Lindsey Vonn makes official training run but isn’t entirely happy
Reporting from Whistler, Canada — American Alpine star Lindsey Vonn finally made an official training run Monday, but her results were mixed.
Nursing a sore shin she thought might keep her from competing in the Olympics, Vonn won the first half of a split downhill training run at Whistler Creekside, but victory came at a cost.
“It’s tough,” she said. “I honestly was expecting it to be a little bit better than it was.”
Vonn, on her own, did some slalom training Sunday. Thomas Vonn said before Monday’s men’s downhill that his wife had suffered a “setback” but “it was to be expected.”
Vonn got her first look at the Whistler downhill Monday, in a split training-run session wrapped around the men’s race.
“The course here is pretty bumpy,” Vonn said. “I was pretty shocked. It was like jarring -- it was a fight to make it down. . . . I think this is the worst course for my shin. I just have to fight through it.”
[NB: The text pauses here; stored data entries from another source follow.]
(* There are strictly more first-order-expressible node properties expressible in $\mathsf{inf}\text{-}\mathrm{C}^2$ than properties expressible in $\mathrm{C}^2$: every property expressible in $\mathrm{C}^2$ is expressible both in first-order logic and in $\mathsf{inf}\text{-}\mathrm{C}^2$, but there is a property expressible both in first-order logic and in $\mathsf{inf}\text{-}\mathrm{C}^2$ that is not expressible in $\mathrm{C}^2$. This holds both over directed graphs and over undirected graphs.
   Context: A directed graph of dimension $d$ is $G=(V,E,\lambda)$ with $V$ finite, $E\subseteq V\times V$ without loops, $\lambda:V\to\{0,1\}^d$, viewed as a first-order structure with relation $E$ and unary predicates $P_i=\{v:\lambda(v)_i=1\}$; undirected graphs are those with symmetric $E$. A (node) property assigns a truth value to each node of each graph and is expressible in a logic if some formula $\varphi(x)$ of that logic with one free variable satisfies: $G\models\varphi(v)$ iff the property holds at $v$ in $G$, for all graphs $G$ (of the class considered) and nodes $v$. $\mathrm{C}^2$ is the fragment of first-order logic with equality using only the two variables $x,y$ but allowing counting quantifiers $\exists_k$ for every $k\in\mathbb{N}$ (''there exist at least $k$ distinct elements such that''). $\mathsf{inf}\text{-}\mathrm{C}^2$ is the extension of $\mathrm{C}^2$ allowing infinitary conjunctions and disjunctions (still using only the variables $x,y$). *)

From mathcomp Require Import all_boot.
Set Implicit Arguments. Unset Strict Implicit. Unset Printing Implicit Defensive.

Record graph (d : nat) (V : finType) := Graph {
  edge : rel V;
  label : V -> 'I_d -> bool;
  edge_noloop : irreflexive edge }.

Definition gclass (d : nat) := forall V : finType, graph d V -> Prop.
Definition all_graphs (d : nat) : gclass d := fun V G => True.
Definition undirected_graphs (d : nat) : gclass d :=
  fun V G => symmetric (edge G).

Definition node_property (d : nat) :=
  forall V : finType, graph d V -> V -> Prop.

Inductive FO (d : nat) : Type :=
  | FO_E : nat -> nat -> FO d
  | FO_P : 'I_d -> nat -> FO d
  | FO_Eq : nat -> nat -> FO d
  | FO_Not : FO d -> FO d
  | FO_And : FO d -> FO d -> FO d
  | FO_Or : FO d -> FO d -> FO d
  | FO_Ex : nat -> FO d -> FO d
  | FO_All : nat -> FO d -> FO d.

Definition upd (X V : Type) (eqX : X -> X -> bool) (a : X -> V) (x : X) (u : V) : X -> V :=
  fun z => if eqX z x then u else a z.

Fixpoint FO_sat d (V : finType) (G : graph d V) (a : nat -> V) (f : FO d) : Prop :=
  match f with
  | FO_E x y => edge G (a x) (a y)
  | FO_P i x => label G (a x) i
  | FO_Eq x y => a x = a y
  | FO_Not g => ~ FO_sat G a g
  | FO_And g h => FO_sat G a g /\ FO_sat G a h
  | FO_Or g h => FO_sat G a g \/ FO_sat G a h
  | FO_Ex x g => exists u, FO_sat G (upd eqn a x u) g
  | FO_All x g => forall u, FO_sat G (upd eqn a x u) g
  end.

Fixpoint FO_free d (f : FO d) (z : nat) : Prop :=
  match f with
  | FO_E x y => z = x \/ z = y
  | FO_P _ x => z = x
  | FO_Eq x y => z = x \/ z = y
  | FO_Not g => FO_free g z
  | FO_And g h | FO_Or g h => FO_free g z \/ FO_free h z
  | FO_Ex x g | FO_All x g => z <> x /\ FO_free g z
  end.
Vonn is hoping poor weather might cancel Tuesday’s second training run in advance of the women’s downhill competition Wednesday. More snow and rain are expected, but not nearly the amount that wreaked havoc on the early Alpine schedule.
The men’s downhill was postponed two days, and the women’s first scheduled event, the combined, was moved from Sunday to Thursday. The men have a combined scheduled for Tuesday.
Vonn, the two-time defending World Cup overall champion and considered a multi-medal threat at these Games, bruised her shin Feb. 2 while training in Austria.
Vonn said at her pre-Olympic news conference last Wednesday that she feared she might not be able to race.
But she caught several breaks when poor weather prevented the women from even completing a training run for four days.
Vonn couldn’t believe she checked in Monday with the fastest time in an abbreviated downhill run.
“I almost went out of the course a couple of times,” she said. “It wasn’t bad skiing, it was just fighting-to-make-it-down skiing. . . . I know what I have to do. I know how to ski. It’s just fighting the pain.”